When the war ended, the U.S. government arranged for 500 students from the University of Oslo to come to the U.S. to study at different universities and colleges.

Juul said American universities offered scholarships because they knew the University of Oslo had been closed down for five years. Juul wanted to study English and was accepted for a scholarship to Western Michigan University where he went on to get a bachelor’s degree in psychology.

He was still in the gymnasium when the teachers were sent to concentration camps and he took over teaching some of the lower grades – that’s when Juul decided he wanted to be an English teacher.

His goal was to study for one year in the U.S. and return to Norway to teach English. 

When Juul was awarded the scholarship, he had two weeks before the boats left.

Juul rushed down to Oslo to get the records necessary for him to go to Western Michigan. He said that process of getting the papers he needed for his visa and passport usually took weeks.

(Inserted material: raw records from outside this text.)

(* Let $n\ge 2$ be an integer that is not a perfect square, and let $a,b$ be positive integers with $a^2-nb^2=1$. Put $u=a+b\sqrt n$, and let $h_j/k_j$ ($j\ge0$) be the convergents of the simple continued fraction expansion of $u$. Then $$\mathcal L\left(\frac1{u^2}\right)=\sum_{k=1}^{\infty}\mathcal L\left(\frac{1}{h_{2k-1}^2}\right).$$
   Context: $\mathcal L$ is the Rogers dilogarithm: for real $z\le1$, $\mathcal L(z)=\mathrm{Li}_2(z)+\tfrac12\log|z|\log(1-z)$, where $\mathrm{Li}_2(z)=\sum_{m\ge1}z^m/m^2$. If $u=[c_0,c_1,c_2,\dots]$ is the simple continued fraction expansion of $u$ ($c_0=\lfloor u\rfloor$, $c_i\ge1$ integers), the numerators and denominators of convergents are defined by $h_{-2}=0,h_{-1}=1,k_{-2}=1,k_{-1}=0$ and $h_i=c_ih_{i-1}+h_{i-2}$, $k_i=c_ik_{i-1}+k_{i-2}$ for $i\ge0$, so that $[c_0,\dots,c_i]=h_i/k_i$. *)

From Stdlib Require Import Reals Lra Lia ZArith ClassicalEpsilon.
Open Scope R_scope.

(* The limit of a real sequence (chosen by epsilon; meaningful when the
   sequence converges, which is the case for all uses below). *)
Definition seq_lim (s : nat -> R) : R :=
  epsilon (inhabits 0) (fun l => Un_cv s l).

Definition Li2 (z : R) : R :=
  seq_lim (fun N => sum_f_R0 (fun m => z ^ (S m) / (INR (S m)) ^ 2) N).

Definition RogersL (z : R) : R :=
  Li2 z + / 2 * ln (Rabs z) * ln (1 - z).

Definition floorR (x : R) : Z := (up x - 1)%Z.

Fixpoint cf_rem (u : R) (i : nat) : R :=
  match i with
  | O => u
  | S j => / (cf_rem u j - IZR (floorR (cf_rem u j)))
  end.

Definition cf_coef (u : R) (i : nat) : Z := floorR (cf_rem u i).

(* cf_hk u m = ((h_{m-2}, h_{m-1}), (k_{m-2}, k_{m-1})) *)
Fixpoint cf_hk (u : R) (m : nat) : (Z * Z) * (Z * Z) :=
  match m with
  | O => ((0%Z, 1%Z), (1%Z, 0%Z))
  | S i =>
      let '((h2, h1), (k2, k1)) := cf_hk u i in
      ((h1, (cf_coef u i * h1 + h2)%Z), (k1, (cf_coef u i * k1 + k2)%Z))
  end.

Definition cf_h (u : R) (i : nat) : Z := snd (fst (cf_hk u (S i))).
Definition cf_k (u : R) (i : nat) : Z := snd (snd (cf_hk u (S i))).

(* On (0,1), Li_2 is the power series sum z^m/m^2, whose
   derivative is -ln(1-x)/x; this gives L'(x) and the limit L(0+) = 0.  Abel's
   five-term relation L(x) + L(y) = L(xy) + L(x(1-y)/(1-xy)) + L(y(1-x)/(1-xy))
   follows because the x-derivative of the difference vanishes and its limit as
   x -> 0 is L(y) - L(y).  Applied at suitable points, the relation makes
   L(T(w)), with T(w) = w(1-q)^2/(1-qw)^2, a difference of a potential at w and
   at qw, so the series sum_{k >= 1} L(T(q^k)) telescopes to L(q).

   Since u + 1/u = 2a, the continued fraction of u is
   [2a-1; 1, 2a-2, 1, 2a-2, ...], and h_{2k+1} = U_{k+2}, where U is the Lucas
   sequence U_0 = 0, U_1 = 1, U_{j+2} = 2a U_{j+1} - U_j.  With x = 1/u,
   U_{k+2} x^(k+1) (1-x^2) = 1 - x^(2k+4), which says exactly that
   T(q^(k+1)) = 1/U_{k+2}^2 for q = x^2 = 1/u^2.  The theorem is then the
   telescoping series at q = 1/u^2. *)

From Stdlib Require Import Reals ZArith Lra Lia ClassicalEpsilon.
From Coquelicot Require Import Coquelicot.
Open Scope R_scope.

Lemma seq_lim_eq (s : nat -> R) (l : R) : Un_cv s l -> seq_lim s = l.
Proof.
  intros Hs. unfold seq_lim.
  apply (UL_sequence s); [|exact Hs].
  exact (epsilon_spec (inhabits 0) (fun l => Un_cv s l) (ex_intro _ l Hs)).
Qed.

Lemma Un_cv_const (c : R) : Un_cv (fun _ => c) c.
Proof.
  intros e He. exists 0%nat. intros k _.
  unfold R_dist. rewrite Rminus_diag, Rabs_R0. exact He.
Qed.

Lemma Un_cv_shift (s : nat -> R) (l : R) : Un_cv s l -> Un_cv (fun k => s (S k)) l.
Proof.
  intros Hs e He. destruct (Hs e He) as [N HN].
  exists N. intros k Hk. apply HN. lia.
Qed.

Lemma pow_S_range (q : R) (k : nat) : 0 < q < 1 -> 0 < q ^ S k < 1.
Proof. intros Hq. split; [apply pow_lt; lra | apply pow_lt_1_compat; [lra | lia]]. Qed.

Lemma pow_S_cv0 (q : R) : 0 < q < 1 -> Un_cv (fun k => q ^ S k) 0.
Proof.
  intros Hq e He.
  destruct (pow_lt_1_zero q ltac:(rewrite Rabs_right; lra) e He) as [N HN].
  exists N. intros k Hk. unfold R_dist. rewrite Rminus_0_r. apply HN. lia.
Qed.

Lemma is_derive_continuity_pt (f : R -> R) (x l : R) :
  is_derive f x l -> continuity_pt f x.
Proof.
  intros Hf. apply continuity_pt_filterlim.
  apply (ex_derive_continuous f). exists l. exact Hf.
Qed.

Lemma derive_zero_const (f : R -> R) (lo hi x1 x2 : R) :
  (forall t, lo < t < hi -> is_derive f t 0) ->
  lo < x1 < hi -> lo < x2 < hi -> f x1 = f x2.
Proof.
  intros Hf H1 H2.
  assert (Hin : forall t, Rmin x1 x2 <= t <= Rmax x1 x2 -> lo < t < hi).
  { intros t [Ht1 Ht2]. unfold Rmin, Rmax in *. destruct (Rle_dec x1 x2); lra. }
  destruct (MVT_gen f x1 x2 (fun _ => 0)) as [c [_ Hc]].
  - intros t Ht. apply Hf, Hin. lra.
  - intros t Ht. apply (is_derive_continuity_pt f t 0), Hf, Hin, Ht.
  - lra.
Qed.

Definition li2_coef (m : nat) : R :=
  match m with O => 0 | S k => / INR (S k) ^ 2 end.

Lemma INR_S_pos (k : nat) : 0 < INR (S k).
Proof. rewrite S_INR. pose proof (pos_INR k). lra. Qed.

(* The coefficients are bounded, so the radius of convergence is at least 1. *)
Lemma li2_radius : Rbar_le 1 (CV_radius li2_coef).
Proof.
  apply (proj1 (CV_radius_bounded li2_coef)).
  exists 1. intros [|k]; rewrite pow1, Rmult_1_r; cbn [li2_coef].
  - rewrite Rabs_R0. lra.
  - pose proof (INR_S_pos k).
    assert (1 <= INR (S k) ^ 2) by (rewrite <- (pow1 2); apply pow_incr; rewrite S_INR;
                                     pose proof (pos_INR k); lra).
    rewrite Rabs_right by (left; apply Rinv_0_lt_compat, pow_lt; lra).
    rewrite <- Rinv_1. apply Rinv_le_contravar; lra.
Qed.

Lemma inside_li2_radius (z : R) : Rabs z < 1 -> Rbar_lt (Rabs z) (CV_radius li2_coef).
Proof. intros Hz. eapply Rbar_lt_le_trans; [|apply li2_radius]. exact Hz. Qed.

Lemma Li2_PSeries (z : R) : Rabs z < 1 -> Li2 z = PSeries li2_coef z.
Proof.
  intros Hz. unfold Li2. apply seq_lim_eq.
  assert (Hs := PSeries_correct li2_coef z (CV_radius_inside _ _ (inside_li2_radius z Hz))).
  apply is_pseries_R, is_series_Reals in Hs.
  assert (Hpart : forall N, sum_f_R0 (fun m => z ^ S m / INR (S m) ^ 2) N
                            = sum_f_R0 (fun k => li2_coef k * z ^ k) (S N)).
  { induction N as [|N IH].
    - simpl. unfold Rdiv. ring.
    - rewrite tech5, IH, (tech5 _ (S N)). cbn [li2_coef]. unfold Rdiv. ring. }
  intros e He. destruct (Hs e He) as [N HN].
  exists N. intros k Hk. rewrite Hpart. apply HN. lia.
Qed.

Lemma Li2_derive (x : R) : Rabs x < 1 ->
  is_derive Li2 x (PSeries (PS_derive li2_coef) x).
Proof.
  intros Hx. apply (is_derive_ext_loc (PSeries li2_coef)).
  - assert (He : 0 < 1 - Rabs x) by lra.
    exists (mkposreal _ He). intros y Hy. symmetry. apply Li2_PSeries.
    unfold ball in Hy; simpl in Hy;
      unfold AbsRing_ball, abs, minus, plus, opp in Hy; simpl in Hy.
    pose proof (Rabs_triang_inv y x). unfold Rminus in *. lra.
  - apply is_derive_PSeries, inside_li2_radius, Hx.
Qed.

Lemma PS_derive_li2_coef (k : nat) : PS_derive li2_coef k = / INR (S k).
Proof.
  unfold PS_derive. cbn [li2_coef].
  pose proof (INR_S_pos k). field. lra.
Qed.

Lemma derived_radius (z : R) : Rabs z < 1 ->
  Rbar_lt (Rabs z) (CV_radius (PS_derive li2_coef)).
Proof. intros Hz. rewrite CV_radius_derive. apply inside_li2_radius, Hz. Qed.

Lemma geometric_PSeries (x : R) : Rabs x < 1 -> PSeries (fun _ => 1) x = / (1 - x).
Proof.
  intros Hx. apply is_pseries_unique, is_pseries_R.
  eapply is_series_ext; [|apply (is_series_geom x Hx)].
  intros k. simpl. ring.
Qed.

(* The derived series sum_{m >= 0} x^m / (m+1) is -ln(1-x)/x: the series
   sum_{m >= 1} x^m / m has derivative 1/(1-x) and vanishes at 0. *)
Lemma log_series (x : R) : Rabs x < 1 ->
  x * PSeries (PS_derive li2_coef) x = - ln (1 - x).
Proof.
  intros Hx.
  set (g := PS_incr_1 (PS_derive li2_coef)).
  assert (Hg : forall k, PS_derive g k = 1).
  { intros k. unfold PS_derive at 1, g. cbn [PS_incr_1].
    rewrite PS_derive_li2_coef. pose proof (INR_S_pos k). field. lra. }
  assert (Hder : forall t, -1 < t < 1 -> is_derive (fun t => PSeries g t + ln (1 - t)) t 0).
  { intros t Ht.
    assert (Ht1 : Rabs t < 1) by (apply Rabs_def1; lra).
    replace 0 with (/ (1 - t) + - / (1 - t)) by ring.
    apply (is_derive_plus (PSeries g) (fun t => ln (1 - t))).
    - rewrite <- geometric_PSeries by exact Ht1.
      erewrite PSeries_ext; [|intros k; symmetry; apply Hg].
      apply is_derive_PSeries. unfold g. rewrite CV_radius_incr_1.
      apply derived_radius, Ht1.
    - auto_derive; [lra|]. field. lra. }
  assert (Hconst := derive_zero_const _ (-1) 1 x 0 Hder
                      ltac:(apply Rabs_def2 in Hx; lra) ltac:(lra)).
  cbv beta in Hconst. unfold g in Hconst.
  rewrite PSeries_incr_1, PSeries_0, Rminus_0_r, ln_1 in Hconst.
  simpl in Hconst. unfold zero in Hconst. simpl in Hconst. lra.
Qed.

Definition RogersL_der (x : R) : R := - / 2 * (ln (1 - x) / x + ln x / (1 - x)).

(* L' = Li_2' + (ln t ln(1-t))'/2, with Li_2'(x) = -ln(1-x)/x from [log_series]. *)
Lemma RogersL_derive (x : R) : 0 < x < 1 -> is_derive RogersL x (RogersL_der x).
Proof.
  intros Hx.
  assert (Hx1 : Rabs x < 1) by (rewrite Rabs_right; lra).
  apply (is_derive_ext_loc (fun t => Li2 t + / 2 * ln t * ln (1 - t))).
  - assert (He : 0 < x) by lra.
    exists (mkposreal _ He). intros y Hy.
    unfold ball in Hy; simpl in Hy;
      unfold AbsRing_ball, abs, minus, plus, opp in Hy; simpl in Hy.
    apply Rabs_def2 in Hy. unfold RogersL. rewrite (Rabs_right y) by lra. reflexivity.
  - assert (HLi2 : PSeries (PS_derive li2_coef) x = - ln (1 - x) / x).
    { rewrite <- log_series by exact Hx1. field. lra. }
    replace (RogersL_der x)
      with (PSeries (PS_derive li2_coef) x + / 2 * (/ x * ln (1 - x) + ln x * (- / (1 - x))))
      by (rewrite HLi2; unfold RogersL_der; field; lra).
    apply (is_derive_plus Li2 (fun t => / 2 * ln t * ln (1 - t))).
    + apply Li2_derive, Hx1.
    + auto_derive; [lra|]. unfold Rminus. field. lra.
Qed.

Lemma RogersL_continuity (x : R) : 0 < x < 1 -> continuity_pt RogersL x.
Proof. intros Hx. apply (is_derive_continuity_pt _ _ _ (RogersL_derive x Hx)). Qed.

(* |t ln t| <= 2 sqrt t on (0,1), from ln s < s at s = 1/sqrt t. *)
Lemma xlnx_bound (t : R) : 0 < t < 1 -> Rabs (t * ln t) <= 2 * sqrt t.
Proof.
  intros Ht.
  assert (Hs : 0 < sqrt t) by (apply sqrt_lt_R0; lra).
  assert (Hss := sqrt_sqrt t (Rlt_le _ _ (proj1 Ht))).
  assert (Hneg : ln t < 0) by (rewrite <- ln_1; apply ln_increasing; lra).
  assert (Hlnt : ln t = - 2 * ln (/ sqrt t)).
  { rewrite ln_Rinv by exact Hs. rewrite <- Hss at 1. rewrite ln_mult by lra. ring. }
  assert (Hlt : ln (/ sqrt t) < / sqrt t).
  { pose proof (exp_ineq1_le (ln (/ sqrt t))) as He.
    rewrite exp_ln in He by (apply Rinv_0_lt_compat, Hs). lra. }
  rewrite Rabs_left by nra.
  apply (Rle_trans _ (t * (2 / sqrt t))).
  - rewrite Ropp_mult_distr_r. apply Rmult_le_compat_l; unfold Rdiv; lra.
  - right. rewrite <- Hss at 1. field. lra.
Qed.

Lemma xlnx_cv0 (t : nat -> R) : (forall k, 0 < t k < 1) -> Un_cv t 0 ->
  Un_cv (fun k => t k * ln (t k)) 0.
Proof.
  intros Ht Hc.
  assert (Hs := continuity_seq sqrt t 0 (continuity_pt_sqrt 0 (Rle_refl 0)) Hc).
  rewrite sqrt_0 in Hs.
  intros e He. destruct (Hs (e / 2)) as [N HN]; [lra|].
  exists N. intros k Hk. specialize (HN k Hk). unfold R_dist in *.
  rewrite Rminus_0_r in *. pose proof (xlnx_bound _ (Ht k)).
  rewrite Rabs_right in HN by (apply Rle_ge, sqrt_pos). lra.
Qed.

“I went to the police headquarters and, lo and behold, the man behind the counter I knew very well because he was [my] next door neighbor,” Juul said. “So [the process] took about 15 minutes instead of five months and that’s one of the remarkable things.”

Juul boarded a ship with about 400 to 500 Norwegian students and went to the United States.

“When I woke up, the ship was in the harbor in New York and there is the Statue of Liberty about 5 o’clock in the morning,” Juul said. 

In some of Juul’s first days in New York, he was put in charge of a section of a summer camp in Bear Mountain where he had 10 students.

“They were 12-year-olds and black… I had never seen a black child before,” Juul said. “I was supposed to be scared shitless but I was not – I thought they were darling.” 

Juul said he was subsequently invited to many lectures from many countries to talk about his experience and kindness with children.

After studying at Western Michigan University, he worked on his graduate work at Wayne State University in Detroit where he got a master’s degree in psychology, and then a Ph.D. in educational psychology.

He made his way to Carbondale after he was invited to work at SIU by a friend who was head of the special education department.

Juul accepted, and taught special education at SIU from 1970 to 1993. He has been living in Carbondale ever since.

“We are very happy here,” Juul said.